Chew 3 (August 2009)


So I think I’m starting to understand how Layman’s using the bird flu. It’s his subplot. Instead of an actual subplot, he’s got this big political situation going on. In some ways, serialized television has ruined comic books. It’s funny since it’s been around since the eighties at least (“Hill Street”) but only got “popular” with hipsters when HBO started doing it.

Of course, comics have been serialized storytelling since… well, at least the sixties. So instead of being informed by, say, Stan Lee’s Spider-Man pacing, Layman is informed by “Lost.”

There’s something very wrong with that equation… it’s like trying to make chicken piccata based on a microwave dinner instead of referring to a chicken piccata recipe.

That fundamental disconnect aside, Chew‘s a solid book. It amuses. It has a likable protagonist, engaging artwork and it only costs three bucks an issue. Those features make it an attractive read.


Taster’s Choice, 3 of 5; writer and letterer, John Layman; artist and colorist, Rob Guillory; publisher, Image Comics.

Chew 2 (July 2009)


I like how Layman uses his letters page to crap mouth DC. It really defines the audience for the book. He wastes half an issue on the incredibly stupid office politics–turns out the FDA has violent bullies running the place (think Gene Hunt but without caring about justice)–and then makes a crack about DC ruining Wildstorm in his letter column. Maybe next issue he’ll crack a New Coke.

Besides some of the idiotic details–like the boss, like the ninjas, like the chicken ban–Chew‘s a decent comic book. It takes a while to read. Even though the present action is limited (here it’s a day), it’s a full day. The comic is a solid procedural.

It’s only the second issue and Layman has no subplots yet so it’s still hard to tell how the comic’s going to shape up. Layman recovered from the atrocious FDA office scene, so anything is possible.

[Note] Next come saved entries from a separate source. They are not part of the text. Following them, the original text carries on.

Lemma is_lim_scal_R (f : R -> R) k x (a : R) :
  is_lim f x a -> is_lim (fun t => k * f t) x (k * a).
Proof. intros Hf. exact (is_lim_scal_l f k x a Hf). Qed.

Lemma is_lim_comp_scale_p (g : R -> R) (l : Rbar) m s : 0 < s ->
  is_lim g p_infty l -> is_lim (fun x => g ((x - m) / s)) p_infty l.
Proof.
  intros Hs Hg. apply (is_lim_comp g (fun x => (x - m) / s) p_infty l p_infty); auto.
  - apply is_lim_spec. intros M. exists (m + Rabs M * s + s). intros x Hx.
    apply Rmult_lt_reg_r with s; auto. unfold Rdiv. rewrite Rmult_assoc, Rinv_l by lra.
    pose proof (Rle_abs M). pose proof (Rabs_pos M). nra.
  - exists 0; intros; discriminate.
Qed.

Lemma is_lim_comp_scale_m (g : R -> R) (l : Rbar) m s : 0 < s ->
  is_lim g m_infty l -> is_lim (fun x => g ((x - m) / s)) m_infty l.
Proof.
  intros Hs Hg. apply (is_lim_comp g (fun x => (x - m) / s) m_infty l m_infty); auto.
  - apply is_lim_spec. intros M. exists (m - Rabs M * s - s). intros x Hx.
    apply Rmult_lt_reg_r with s; auto. unfold Rdiv. rewrite Rmult_assoc, Rinv_l by lra.
    pose proof (Rle_abs (- M)). rewrite Rabs_Ropp in H. pose proof (Rabs_pos M). nra.
  - exists 0; intros; discriminate.
Qed.

Lemma is_lim_comp_reflect_m (g : R -> R) (l : Rbar) c :
  is_lim g p_infty l -> is_lim (fun x => g (c - x)) m_infty l.
Proof.
  intros Hg. apply (is_lim_comp g (fun x => c - x) m_infty l p_infty); auto.
  - apply is_lim_spec. intros M. exists (c - M). intros x Hx. lra.
  - exists 0; intros; discriminate.
Qed.

Lemma is_lim_comp_reflect_p (g : R -> R) (l : Rbar) c :
  is_lim g m_infty l -> is_lim (fun x => g (c - x)) p_infty l.
Proof.
  intros Hg. apply (is_lim_comp g (fun x => c - x) p_infty l m_infty); auto.
  - apply is_lim_spec. intros M. exists (c - M). intros x Hx. lra.
  - exists 0; intros; discriminate.
Qed.

(** * The Gaussian integral *)

Definition gauss (t : R) := exp (- t ^ 2 / 2).
Definition gauss_aux (x u : R) := exp (- x ^ 2 * (1 + u ^ 2) / 2) / (1 + u ^ 2).
Definition gauss_int (x : R) := RInt gauss 0 x.
Definition gauss_aux_int (x : R) := RInt (gauss_aux x) 0 1.

Lemma gauss_continuous x : continuous gauss x.
Proof. apply ex_derive_continuous_R. unfold gauss. auto_derive. exact I. Qed.

Lemma gauss_aux_continuous x u : continuous (gauss_aux x) u.
Proof. apply ex_derive_continuous_R. unfold gauss_aux. auto_derive. nra. Qed.

Lemma gauss_lim_p : is_lim gauss p_infty 0.
Proof.
  unfold gauss. eapply is_lim_comp; [apply is_lim_exp_m| |exists 0; intros; discriminate].
  intros P [M HM]. exists (Rabs M + 1). intros x Hx. apply HM.
  pose proof (Rle_abs (- M)). rewrite Rabs_Ropp in H. nra.
Qed.

Lemma gauss_lim_m : is_lim gauss m_infty 0.
Proof.
  unfold gauss. eapply is_lim_comp; [apply is_lim_exp_m| |exists 0; intros; discriminate].
  intros P [M HM]. exists (- (Rabs M + 1)). intros x Hx. apply HM.
  pose proof (Rle_abs (- M)). rewrite Rabs_Ropp in H. nra.
Qed.

Lemma is_derive_gauss_int (x : R) : is_derive gauss_int x (gauss x).
Proof. apply is_derive_RInt_from_0, gauss_continuous. Qed.

Lemma is_derive_gauss_aux (u v : R) :
  is_derive (fun z : R => gauss_aux z v) u (- u * exp (- u ^ 2 * (1 + v ^ 2) / 2)).
Proof.
  assert (0 < 1 + v ^ 2) by nra. unfold gauss_aux. auto_derive; [lra|].
  replace (- (u * (u * 1)) * (1 + v * (v * 1)) * / 2) with (- u ^ 2 * (1 + v ^ 2) / 2)
    by field.
  field. lra.
Qed.

Lemma continuity_2d_derive_gauss_aux u v :
  continuity_2d_pt (fun u v => - u * exp (- u ^ 2 * (1 + v ^ 2) / 2)) u v.
Proof.
  apply continuity_2d_pt_mult; [apply continuity_2d_pt_opp, continuity_2d_pt_id1|].
  apply continuity_2d_pt_filterlim.
  eapply filterlim_comp;
    [|apply continuity_pt_filterlim, derivable_continuous_pt, derivable_pt_exp].
  apply (continuity_2d_pt_filterlim (fun u v => - u ^ 2 * (1 + v ^ 2) / 2)).
  apply continuity_2d_pt_ext with (fun u v => (-1/2) * ((u * u) * (1 + v * v))).
  { intros; simpl; field. }
  repeat first [apply continuity_2d_pt_mult | apply continuity_2d_pt_plus
    | apply continuity_2d_pt_id1 | apply continuity_2d_pt_id2 | apply continuity_2d_pt_const].
Qed.
Definition is_algebra_Anm (m n : nat) (Ups : nat -> nat -> nat -> C)
  (us : nat -> nat) : Prop :=
  (1 <= m)%nat /\ (m <= n)%nat /\
  (forall s, (m + 1 <= s <= n)%nat -> (1 <= us s <= m)%nat) /\
  (forall r s, (1 <= r <= n)%nat -> (1 <= s <= n)%nat ->
     eqA n (mulI m n Ups us r s) (mulI m n Ups us s r)) /\
  (forall r s t, (1 <= r <= n)%nat -> (1 <= s <= n)%nat -> (1 <= t <= n)%nat ->
     eqA n (emul m n Ups us (emul m n Ups us (basisI r) (basisI s)) (basisI t))
           (emul m n Ups us (basisI r) (emul m n Ups us (basisI s) (basisI t)))).

Definition eone (m : nat) : Elt :=
  fun j => if inrange 1 m j then RtoC 1 else RtoC 0.

(* zeta = x e_1 + y e_2 + z e_3, with e_1 = 1, e_2 = sum a_k I_k, e_3 = sum b_k I_k *)
Definition zeta (m : nat) (a b : Elt) (x y z : R) : Elt :=
  eadd (escale (RtoC x) (eone m)) (eadd (escale (RtoC y) a) (escale (RtoC z) b)).

Definition CInt (f : R -> C) (lo hi : R) : C :=
  (RInt (fun t => Re (f t)) lo hi, RInt (fun t => Im (f t)) lo hi).

Definition Cderiv (w : R -> C) (t : R) : C :=
  (Derive (fun s => Re (w s)) t, Derive (fun s => Im (w s)) t).

Definition winding0 (w : R -> C) : C :=
  Cdiv (CInt (fun t => Cdiv (Cderiv w t) (w t)) 0 (2 * PI))
       (Cmult (RtoC (2 * PI)) Ci).

(* the Euclidean circle of radius rad centred at 0 in R^3, in the plane spanned
   by the orthonormal vectors (u1,u2,u3), (v1,v2,v3), oriented from u to v *)
Definition circ (rad c1 c2 t : R) : R := rad * (cos t * c1 + sin t * c2).

Definition orthonormal (u1 u2 u3 v1 v2 v3 : R) : Prop :=
  u1 * u1 + u2 * u2 + u3 * u3 = 1 /\ v1 * v1 + v2 * v2 + v3 * v3 = 1 /\
  u1 * v1 + u2 * v2 + u3 * v3 = 0.

(* The integral  int_{gamma_zeta} Psi dzeta  along the curve
   t |-> (gx t, gy t, gz t), t in [0, 2 pi], as in the definition:
   sum_k I_k int Psi_k dx + sum_k e2 I_k int Psi_k dy + sum_k e3 I_k int Psi_k dz,
   where int_gamma g dx = int_0^{2pi} g(gamma t) gx'(t) dt.
   Psi t is the value of Psi at the point zeta(gamma t). *)
Definition lineint (m n : nat) Ups us (a b : Elt) (gx gy gz : R -> R)
  (Psi : R -> Elt) : Elt :=
  fun j => csum 1 n (fun k =>
    Cplus (Cmult (CInt (fun t => Cmult (Psi t k) (RtoC (Derive gx t))) 0 (2 * PI))
                 (basisI k j))
    (Cplus (Cmult (CInt (fun t => Cmult (Psi t k) (RtoC (Derive gy t))) 0 (2 * PI))
                  (emul m n Ups us a (basisI k) j))
           (Cmult (CInt (fun t => Cmult (Psi t k) (RtoC (Derive gz t))) 0 (2 * PI))
                  (emul m n Ups us b (basisI k) j)))).

From Stdlib Require Import Reals Arith Lia Lra List.
From Coquelicot Require Import Coquelicot.

(* Along C the semisimple coordinates f_u(zeta(t)) do not vanish, so zeta(t) is invertible: the
   product is triangular with respect to the basis, and the coordinates of the inverse are solved for
   one after the other.  The line integral is then the integral over [0, 2 pi] of zeta'(t) zeta(t)^-1.
   On a semisimple coordinate u the integrand is f_u'/f_u, whose integral is 2 pi i times the winding
   number 1.  On the nilpotent coordinates the integrand is the derivative of the corresponding
   coordinate of log (1 + w), w = zeta_S^-1 zeta_N, which is periodic in t, so these integrals vanish.
   Hypotheses (1) and (2) keep log (1 + w) a short explicit expression, and associativity, which
   forces u_k = u_r whenever Upsilon^s_(r,k) <> 0, makes its derivative match the integrand. *)

Lemma csum_from_ext lo len f g :
  (forall k, (lo <= k < lo + len)%nat -> f k = g k) ->
  csum_from lo len f = csum_from lo len g.
Proof.
  revert lo; induction len as [|len IH]; intros lo H; simpl; auto.
  rewrite H by lia. f_equal. apply IH. intros; apply H; lia.
Qed.

Lemma csum_from_zero lo len : csum_from lo len (fun _ => RtoC 0) = RtoC 0.
Proof. revert lo; induction len as [|len IH]; intros; simpl; auto. rewrite IH. ring. Qed.
Lemma FCmul_voltage xs i : (i < N)%nat ->
  FCmul xs (3 * i) = (- xs (3 * i)%nat / RL i + xs (3 * i + 1)%nat + coupling_current xs i) / Ct i.
Proof.
  intros Hi. replace (3 * i)%nat with (3 * i + 0)%nat at 1 by lia.
  rewrite FCmul_blocks by lia. unfold FCblock. cbn [FCi e11].
  assert (Hdeg : sumR N (fun l => if adj i l then 1 / (Rl i l * Ct i) else 0)
                 = / Ct i * sumR N (conductance i)).
  { rewrite <- sumR_scal. apply sumR_ext. intros l _. unfold conductance.
    destruct (adj i l); [unfold Rdiv; rewrite Rmult_1_l, Rinv_mult |]; ring. }
  rewrite Hdeg.
  rewrite (sumR_ext _ _ (fun j => if Nat.eqb i j
      then - (1 / (RL i * Ct i) + / Ct i * sumR N (conductance i)) * xs (3 * j)%nat
           + 1 / Ct i * xs (3 * j + 1)%nat
      else / Ct i * (conductance i j * xs (3 * j)%nat))).
  2: { intros j _. destruct (Nat.eqb i j); [ring|]. unfold conductance.
       destruct (adj i j); [unfold Rdiv; rewrite Rmult_1_l, Rinv_mult |]; ring. }
  rewrite sumR_split_diag, sumR_scal by exact Hi.
  assert (Hcc : coupling_current xs i
                = sumR N (fun j => conductance i j * xs (3 * j)%nat) - sumR N (conductance i) * xs (3 * i)%nat).
  { unfold coupling_current.
    rewrite (sumR_ext _ _ (fun j => conductance i j * xs (3 * j)%nat + (- xs (3 * i)%nat) * conductance i j))
      by (intros; ring).
    rewrite sumR_plus, sumR_scal. ring. }
  assert (Hii : conductance i i = 0) by (unfold conductance; now rewrite Hirr).
  rewrite Hcc, Hii.
  destruct (HC i Hi) as (HCi & _ & _ & HRLi). unfold Rdiv. rewrite Rinv_mult. field. lra.
Qed.

Lemma FCmul_current xs i : (i < N)%nat ->
  FCmul xs (3 * i + 1) = (- ((1 - k1 i) * xs (3 * i)%nat) - (Rt i - k2 i) * xs (3 * i + 1)%nat
                          + k3 i * xs (3 * i + 2)%nat) / Lt i.
Proof.
  intros Hi. rewrite FCmul_blocks by lia. unfold FCblock. cbn [FCi e11].
  rewrite (sumR_ext _ _ (fun j => if Nat.eqb i j
      then (k1 i - 1) / Lt i * xs (3 * j)%nat + (k2 i - Rt i) / Lt i * xs (3 * j + 1)%nat
           + k3 i / Lt i * xs (3 * j + 2)%nat
      else 0)).
  2: { intros j _. destruct (Nat.eqb i j); [|destruct (adj i j)]; ring. }
  rewrite sumR_split_diag, sumR_0 by exact Hi.
  destruct (HC i Hi) as (_ & HLi & _). field. lra.
Qed.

Taster’s Choice, 2 of 5; writer and letterer, John Layman; artist and colorist, Rob Guillory; publisher, Image Comics.

Chew 1 (June 2009)


I imagine creator Layman will be able to get Hollywood to option Chew, but turning it into a movie or TV show will be somewhat problematic. I’d heard the concept–protagonist Tony Chu (get it, Chu? The book’s full of those) gets a psychic read off things he chews, including people–but, so far, the selling point is Layman’s humor and Guillory’s art. Guillory manages to embrace the quirkiness, but not go overboard. It’s set in reality, just one with some visually funny stuff (the absurdly overweight federal agent).

Unfortunately, Layman’s over thought the ground situation–in the world of Chew, chicken has been outlawed following a bird flu epidemic (this development has nothing to do with the protagonist’s superpower, so why complicate things?).

This issue is just a setup. Since it gives no indication of the format the comic will take… it’s hard to be optimistic or otherwise. Guillory’s a find, though.


Taster’s Choice, 1 of 5; writer and letterer, John Layman; artist and colorist, Rob Guillory; publisher, Image Comics.